Центральный рынок пыхтел не списанным на свалку истории паровозом. Внешний с внутренним виды обновлялись. Строились крытые павильоны, вырастали сваренные из балок с трубами прилавки. Входные ворота заменились более весомыми, с шайбой наверху. Когда наступал конец рабочего дня и ворота запирались, кавказские юноши взбирались по балкам на верх, спускались к сложенным на территории мешкам с овощами, фруктами, ящикам с апельсинами, хурмой, мандаринами. Не отставали доморощенные циркачи. Скорее, доказать состоятельность. Мешков с другой тарой у них не было. Но суть южного базара, дух, оставались неприкосновенными. За столетие дух настоялся настолько, что мог составить конкуренцию замурованным на века крымским винным погребам.

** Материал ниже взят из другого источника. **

(* $\displaystyle\int_0^{\infty}\left[\sinh^{-1}(\cosh u) - u\right]\,du = \frac{\pi^2}{16}$.
   Context: $\sinh^{-1}$ denotes the real inverse hyperbolic sine, $\sinh^{-1}x = \ln\!\left(x+\sqrt{x^2+1}\right)$ for all real $x$. *)

From Stdlib Require Export Reals.
From Coquelicot Require Export Coquelicot.
Open Scope R_scope.
(* Stdlib's [arcsinh x := ln (x + sqrt (x ^ 2 + 1))] (Rpower.v) is exactly the
   real inverse hyperbolic sine of the paper; [cosh] is Stdlib's (Rtrigo_def). *)

(* With a := arcsinh (cosh u), the numbers Ap := a + u and Am := a - u satisfy
   sinh Ap * sinh Am = sinh a ^ 2 - sinh u ^ 2 = 1, and their derivatives are
   linked by Am' = - Ap' * sinh Am and Ap' = - Am' * sinh Ap.  Hence if G' w = w / sinh w,
   then H := (G Ap - G Am) / 4 + u * Am / 2 satisfies H' = Am and H 0 = 0.  Such a G is
   G w = int_0^(PI/2) atan (sinh w * sin s) ds, which tends to (PI/2)^2 as w -> +oo;
   since Am -> 0 and u * Am -> 0, H tends to (PI/2)^2 / 4 = PI^2 / 16. *)

From Stdlib Require Import Reals Lra Psatz.
From Coquelicot Require Import Coquelicot.
Open Scope R_scope.

Lemma cosh_plus_sinh x : cosh x + sinh x = exp x.
Proof. unfold cosh, sinh; field. Qed.

Lemma cosh_minus_sinh x : cosh x - sinh x = exp (- x).
Proof. unfold cosh, sinh; field. Qed.

Lemma cosh_sq_sub_sinh_sq x : cosh x ^ 2 - sinh x ^ 2 = 1.
Proof.
  replace (cosh x ^ 2 - sinh x ^ 2) with ((cosh x + sinh x) * (cosh x - sinh x)) by ring.
  rewrite cosh_plus_sinh, cosh_minus_sinh, <- exp_plus, Rplus_opp_r; apply exp_0.
Qed.

Lemma cosh_pos x : 0 < cosh x.
Proof. unfold cosh; generalize (exp_pos x) (exp_pos (- x)); lra. Qed.

Lemma abs_sinh_lt_cosh x : - cosh x < sinh x < cosh x.
Proof.
  generalize (cosh_plus_sinh x) (cosh_minus_sinh x) (exp_pos x) (exp_pos (- x)); lra.
Qed.

Lemma cosh_add_sinh_mul_pos w t : -1 <= t <= 1 -> 0 < cosh w + sinh w * t.
Proof. generalize (abs_sinh_lt_cosh w); destruct (Rle_dec 0 (sinh w)); nra. Qed.

Lemma sinh_add x y : sinh (x + y) = sinh x * cosh y + cosh x * sinh y.
Proof. unfold sinh, cosh; rewrite Ropp_plus_distr, !exp_plus; field. Qed.

Lemma sinh_sub x y : sinh (x - y) = sinh x * cosh y - cosh x * sinh y.
Proof. unfold sinh, cosh, Rminus; rewrite Ropp_plus_distr, Ropp_involutive, !exp_plus; field. Qed.

Lemma cosh_arcsinh x : cosh (arcsinh x) = sqrt (x ^ 2 + 1).
Proof.
  rewrite <- (sinh_arcsinh x) at 2.
  replace (sinh (arcsinh x) ^ 2 + 1) with (cosh (arcsinh x) ^ 2)
    by (generalize (cosh_sq_sub_sinh_sq (arcsinh x)); lra).
  rewrite sqrt_pow2; [reflexivity | apply Rlt_le, cosh_pos].
Qed.

Lemma is_derive_cosh x : is_derive cosh x (sinh x).
Proof. apply is_derive_Reals, derivable_pt_lim_cosh. Qed.

Lemma exp_opp_le_1 x : 0 <= x -> exp (- x) <= 1.
Proof.
  intro Hx; assert (exp x * exp (- x) = 1) by (rewrite <- exp_plus, Rplus_opp_r; apply exp_0).
  generalize (exp_ineq1_le x) (exp_pos (- x)); nra.
Qed.

Lemma is_lim_sinh_p_infty : is_lim sinh p_infty p_infty.
Proof.
  apply is_lim_spec; intro M; exists (2 * Rabs M); intros x Hx.
  generalize (Rle_abs M) (Rabs_pos M) (exp_ineq1_le x) (exp_opp_le_1 x); unfold sinh; lra.
Qed.

Lemma is_lim_opp_p_infty : is_lim Ropp p_infty m_infty.
Proof. apply (is_lim_opp (fun x => x) p_infty p_infty), is_lim_id. Qed.

Lemma is_lim_exp_opp : is_lim (fun u => exp (- u)) p_infty 0.
Proof.
  apply (is_lim_comp exp Ropp p_infty 0 m_infty is_lim_exp_m is_lim_opp_p_infty).
  exists 0; intros; discriminate.
Qed.

Lemma is_lim_mul_exp_opp : is_lim (fun u => u * exp (- u)) p_infty 0.
Proof.
  apply (is_lim_ext (fun u => - (- u * exp (- u)))); [intro; ring|].
  replace (Finite 0) with (Rbar_opp 0) by (simpl; f_equal; ring).
  apply is_lim_opp, (is_lim_comp (fun y => y * exp y) Ropp p_infty 0 m_infty);
    [apply is_lim_mul_exp_m | apply is_lim_opp_p_infty |].
  exists 0; intros; discriminate.
Qed.

Lemma one_plus_sq_pos y : 0 < 1 + y ^ 2.
Proof. nra. Qed.

Lemma sqrt_sq_add_1_pos x : 0 < sqrt (x ^ 2 + 1).
Proof. apply sqrt_lt_R0; nra. Qed.

Lemma RInt_const_R (a b c : R) : RInt (fun _ => c) a b = (b - a) * c.
Proof. rewrite RInt_const; reflexivity. Qed.

Lemma atan_le_id x : 0 <= x -> atan x <= x.
Proof.
  intro Hx.
  assert (Hi : is_RInt (fun t => / (1 + t ^ 2)) 0 x (minus (atan x) (atan 0))).
  { apply (is_RInt_derive (V := R_CompleteNormedModule)); intros t _.
    - replace (1 + t ^ 2) with (1 + t²) by (unfold Rsqr; ring); apply is_derive_atan.
    - apply (ex_derive_continuous (K := R_AbsRing) (V := R_NormedModule)).
      auto_derive; generalize (one_plus_sq_pos t); lra. }
  assert (Hle : RInt (fun t => / (1 + t ^ 2)) 0 x <= RInt (fun _ => 1) 0 x).
  { apply RInt_le; [exact Hx | eexists; exact Hi | apply ex_RInt_const |].
    intros t _; rewrite <- Rinv_1; apply Rinv_le_contravar; [lra|].
    generalize (pow2_ge_0 t); lra. }
  rewrite (is_RInt_unique _ _ _ _ Hi), RInt_const_R, atan_0 in Hle.
  unfold minus, plus, opp in Hle; simpl in Hle; lra.
Qed.

Lemma pi2_sub_inv_le_atan y : 0 < y -> PI / 2 - / y <= atan y.
Proof.
  intro Hy; rewrite <- (Rinv_inv y) at 2; rewrite atan_inv by (apply Rinv_0_lt_compat, Hy).
  generalize (atan_le_id (/ y) (Rlt_le _ _ (Rinv_0_lt_compat _ Hy))); lra.
Qed.

Lemma is_RInt_gen_p_infty_of_is_derive (F f : R -> R) (a l : R) :
  (forall x, is_derive F x (f x)) -> (forall x, continuous f x) -> is_lim F p_infty l ->
  is_RInt_gen f (at_point a) (Rbar_locally p_infty) (l - F a).
Proof.
  intros HF Hf Hlim.
  apply (is_RInt_gen_ext (Derive F)).
  - apply filter_forall; intros ab x _; apply is_derive_unique, HF.
  - apply is_RInt_gen_Derive.
    + apply filter_forall; intros ab x _; eexists; apply HF.
    + apply filter_forall; intros ab x _.
      apply (continuous_ext f); [intro y; symmetry; apply is_derive_unique, HF | apply Hf].
    + intros P HP; apply (locally_singleton _ _ HP).
    + exact Hlim.
Qed.
Lemma blocks_listed v (B : {set {set 'I_v}}) cs :
  is_SQS B -> partial_code B cs ->
  (forall t, t \in triples v -> covered cs t.1.1 t.1.2 t.2) ->
  forall bl, bl \in B -> bl \in [seq pts v k | k <- cs].
Proof.
move=> sqsB code cov bl blB.
set s := sort leq [seq val i | i <- enum bl].
have s_bl i : (val i \in s) = (i \in bl) by rewrite mem_sort (mem_map val_inj) mem_enum.
have s_v x : x \in s -> x < v by rewrite mem_sort => /mapP[i _ ->]; apply: ltn_ord.
have : size s = 4 by rewrite size_sort size_map -cardE sqsB.1.
have : sorted ltn s.
  by rewrite ltn_sorted_uniq_leq sort_uniq (map_inj_uniq val_inj) enum_uniq sort_sorted.
case Es: s => [|a [|b [|c [|d []]]]] //= /and4P[ab bc _ _] _.
have [av bv cv] : [/\ a < v, b < v & c < v] by split; apply: s_v; rewrite Es !inE eqxx ?orbT.
have /hasP[k kcs abck] : covered cs a b c.
  by apply: (cov (a, b, c)); rewrite mem_triples ab bc cv.
apply/mapP; exists k => //; symmetry; apply: (covering_code sqsB code kcs abck) => //=.
- by rewrite !inE; apply/and3P; split; lia.
- by rewrite av bv cv.
- by apply/subsetP => i; rewrite ptsE -s_bl Es !inE => /or3P[] ->; rewrite ?orbT.
Qed.

Lemma point_loadE x (wcs : seq (seq nat * int)) :
  point_load x wcs = (\sum_(p <- wcs | x \in p.1) p.2)%R.
Proof. by elim: wcs => [|p wcs IH]; rewrite ?big_nil // big_cons -IH. Qed.

Lemma lookup_table (T K U : eqType) (u0 : U) (key : T -> K)
    (s : seq (T * U)) (p : T * U) :
  uniq [seq key q.1 | q <- s] -> p \in s ->
  nth u0 [seq q.2 | q <- s] (index (key p.1) [seq key q.1 | q <- s]) = p.2.
Proof.
move=> ukeys ps; have lt_ps : index p s < size s by rewrite index_mem.
have -> : key p.1 = nth (key p.1) [seq key q.1 | q <- s] (index p s).
  by rewrite (nth_map p) // nth_index.
by rewrite index_uniq ?size_map // (nth_map p) // nth_index.
Qed.

Lemma certificate_flow v n (B : {set {set 'I_v}}) cs ws :
  (forall bl, (bl \in B) = (bl \in [seq pts v k | k <- cs])) ->
  uniq [seq pts v k | k <- cs] -> flow_certificate v n cs ws ->
  has_zero_sum_flow n B.
Proof.
move=> Bcs ucs /and3P[/eqP size_ws ws_ok loads0].
set s := zip cs ws.
have keys : [seq pts v q.1 | q <- s] = [seq pts v k | k <- cs].
  by rewrite -[LHS]/(map (pts v \o fst) s) map_comp -/(unzip1 s) unzip1_zip ?size_ws.
have vals : [seq q.2 | q <- s] = ws by rewrite -/(unzip2 s) unzip2_zip ?size_ws.
pose f bl := nth 0%R ws (index bl [seq pts v k | k <- cs]).
have fE p : p \in s -> f (pts v p.1) = p.2.
  by move=> ps; rewrite /f -keys -vals lookup_table // keys.
exists f; split => [bl|x].
  rewrite Bcs -keys => /mapP[p ps ->]; rewrite fE //.
  have : p.2 \in ws by rewrite -vals map_f.
  by move/(allP ws_ok)/andP.
rewrite (eq_bigl (fun bl => (bl \in [seq pts v q.1 | q <- s]) && (x \in bl))); last first.
  by move=> bl; rewrite Bcs keys.
rewrite big_mkcondr -big_uniq; last by rewrite keys.
rewrite -big_mkcond big_map; transitivity (point_load (val x) s); last first.
  by apply/eqP/(allP loads0); rewrite mem_iota ltn_ord.
rewrite point_loadE big_seq_cond [RHS]big_seq_cond.
by apply: eq_big => [p|p /andP[ps _]]; [rewrite ptsE | apply: fE].
Qed.

Lemma block_through_triple v (B : {set {set 'I_v}}) a b c :
  is_SQS B -> [&& a < b, b < c & c < v] ->
  exists2 y : 'I_v, val y \notin [:: a; b; c] & pts v [:: a; b; c; val y] \in B.
Proof.
move=> sqsB abc; set T := pts v [:: a; b; c].
have T3 : #|T| = 3 by rewrite card_pts //= ?inE; lia.
have [bl blB Tbl] := SQS_block_through sqsB T3.
have /cards1P[y Ey] : #|bl :\: T| == 1.
  by rewrite cardsD (setIidPr Tbl) sqsB.1 // T3.
have : y \in bl :\: T by rewrite Ey set11.
rewrite inE ptsE => /andP[yT ybl]; exists y => //.
suff -> : pts v [:: a; b; c; val y] = bl by [].
have bl_split : bl = T :|: (bl :\: T).
  apply/setP => i; rewrite in_setU in_setD.
  by case: (boolP (i \in T)) => [/(subsetP Tbl) ->|].
by apply/setP => i; rewrite bl_split Ey !inE val_eqE !orbA.
Qed.

Lemma fourth_point_uncovered v (B : {set {set 'I_v}}) cs a b c y p q :
  is_SQS B -> partial_code B cs -> ~~ covered cs a b c -> [&& a < b, b < c & c < v] ->
  y < v -> y \notin [:: a; b; c] -> pts v [:: a; b; c; y] \in B ->
  p \in [:: a; b; c] -> q \in [:: a; b; c] -> p != q -> ~~ covered cs p q y.
Proof.
move=> sqsB code abc_unc abc yv y_new blB pT qT pq.
apply: contra abc_unc => /hasP[k kcs pqyk]; apply/hasP; exists k => //.
have e : pts v k = pts v [:: a; b; c; y].
  apply: (covering_code sqsB code kcs pqyk) => //=.
  - by move: pT qT pq y_new; rewrite !inE; lia.
  - by move: pT qT; rewrite !inE; lia.
  - by apply: pts_sub => x; move: pT qT; rewrite !inE; lia.
by rewrite !(pts_inj_mem e) ?inE ?eqxx ?orbT //; lia.
Qed.

Lemma extend_code v (B : {set {set 'I_v}}) cs a b c y :
  partial_code B cs -> ~~ covered cs a b c -> [&& a < b, b < c & c < v] ->
  pts v [:: a; b; c; y] \in B -> partial_code B ([:: a; b; c; y] :: cs).
Proof.
move=> /andP[codesB ucs] abc_unc abc blB; rewrite /partial_code /= blB codesB ucs /= andbT.
apply: contra abc_unc => /mapP[k kcs e]; apply/hasP; exists k => //.
by rewrite -!(pts_inj_mem e) ?inE ?eqxx ?orbT //; lia.
Qed.

Lemma fresh_pointP v cs T (y : 'I_v) :
  ~~ used cs (val y) -> val y \notin T ->
  [&& fresh_point v cs T < v, ~~ used cs (fresh_point v cs T) & fresh_point v cs T \notin T].
Proof.
move=> y_unused y_new; rewrite /fresh_point.
have : val y \in [seq x <- iota 0 v | ~~ used cs x & x \notin T].
  by rewrite mem_filter y_unused y_new mem_iota /=.
case E: [seq x <- _ | _] => [//|t ts] _ /=.
have : t \in [seq x <- iota 0 v | ~~ used cs x & x \notin T] by rewrite E mem_head.
by rewrite mem_filter mem_iota /= => /andP[/andP[-> ->] ->].
Qed.

Lemma mem_relabel_swap v (y t i : 'I_v) (bl : {set 'I_v}) :
  (i \in relabel (tperm y t) bl) = (tperm y t i \in bl).
Proof. by rewrite inE. Qed.

Lemma swap_fixes v (y t : 'I_v) k :
  val y \notin k -> val t \notin k -> relabel (tperm y t) (pts v k) = pts v k.
Proof.
move=> yk tk; apply/setP => i; rewrite mem_relabel_swap !ptsE.
by case: tpermP => [->|->|] //; rewrite (negbTE yk) (negbTE tk).
Qed.
(* Let $G,H$ be finite groups, $U\leq G\times H$ a subdirect product, and $A$ an abelian group satisfying the Hypothesis for a set of primes $\pi$. Then $U$ is $A$-extensible if and only if for every $p\in\pi$, $k_1(U')$ contains a Sylow $p$-subgroup of $G'\cap k_1(U)$; equivalently, if and only if for every $p\in\pi$, $k_2(U')$ contains a Sylow $p$-subgroup of $H'\cap k_2(U)$.
   Context: For $U\leq G\times H$: $p_1(U)=\{g:\exists h,(g,h)\in U\}$, $p_2(U)=\{h:\exists g,(g,h)\in U\}$, $k_1(U)=\{g:(g,1)\in U\}$, $k_2(U)=\{h:(1,h)\in U\}$; $U$ is a subdirect product if $p_1(U)=G$, $p_2(U)=H$. $X'$ is the commutator subgroup of $X$. An abelian group $A$ satisfies the Hypothesis (with set of primes $\pi$) if there is a unique set of primes $\pi$ such that for every $n\in\mathbb{N}$ the $n$-torsion part of $A$ is cyclic of order $n_\pi$ (the $\pi$-part of $n$). $U$ is $A$-extensible if every homomorphism $U\to A$ extends to a homomorphism $G\times H\to A$. *)

From HB Require Import structures.
From mathcomp Require Import all_boot all_order all_algebra all_fingroup all_solvable.
Set Implicit Arguments. Unset Strict Implicit. Unset Printing Implicit Defensive.
Import GRing.Theory.
Local Open Scope group_scope.

Definition p1 (gT hT : finGroupType) (U : {set gT * hT}) : {set gT} :=
  [set x.1 | x in U].
Definition p2 (gT hT : finGroupType) (U : {set gT * hT}) : {set hT} :=
  [set x.2 | x in U].
Definition k1 (gT hT : finGroupType) (U : {set gT * hT}) : {set gT} :=
  [set g | (g, 1) \in U].
Definition k2 (gT hT : finGroupType) (U : {set gT * hT}) : {set hT} :=
  [set h | (1, h) \in U].

Definition subdirect (gT hT : finGroupType) (G : {group gT}) (H : {group hT})
  (U : {group gT * hT}) : Prop :=
  [/\ U \subset setX G H, p1 U = G & p2 U = H].

Definition is_hom_into (T : finGroupType) (A : zmodType) (D : {set T}) (f : T -> A) :=
  forall x y, x \in D -> y \in D -> f (x * y) = (f x + f y)%R.

Definition extensible (gT hT : finGroupType) (G : {group gT}) (H : {group hT})
  (U : {group gT * hT}) (A : zmodType) : Prop :=
  forall f : gT * hT -> A, is_hom_into U f ->
    exists F : gT * hT -> A, is_hom_into (setX G H) F /\ {in U, F =1 f}.

Definition torsion_cyclic (A : zmodType) (n m : nat) : Prop :=
  exists g : A,
    (forall a : A, (a *+ n = 0)%R <-> exists k, a = (g *+ k)%R) /\
    (forall k, (g *+ k = 0)%R <-> (m %| k)%N).

Definition hypothesis (A : zmodType) (pi : nat_pred) : Prop :=
  {in pi, forall p, prime p} /\
  forall n : nat, (0 < n)%N -> torsion_cyclic A n (n`_pi)%N.

From HB Require Import structures.
From mathcomp Require Import all_boot all_order all_algebra all_fingroup all_solvable.
From mathcomp Require Import zify.
Set Implicit Arguments. Unset Strict Implicit. Unset Printing Implicit Defensive.
Import GRing.Theory.
Local Open Scope group_scope.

Или французским, сохранившим запах потной от седла задницы Александра Первого с немытыми же после боевого похода задницами коронованных особ, низложивших коротышку Наполеона. В крымском случае залежались три бутылки, наполненные вином при жизни Пушкина. Во французском во времена Мюрата похозяйничала чернь, не отличавшаяся от черни в других государствах. Разве, как до этого в Англии, догадавшаяся, что короля надо бы сохранить, чтобы было на кого молиться, тут-же грехи сваливать. В отличие от русской, которая самого Бога не пощадила, оказавшись на ледяном революционном ветру «голой как сокол». На ростовском базаре нет-нет, да аукнется дикими племенами. Или смешавшимися с местными ордами беглыми холопами, по примеру Великого Новгорода с демократическим вече создавшим вольницу с кругом.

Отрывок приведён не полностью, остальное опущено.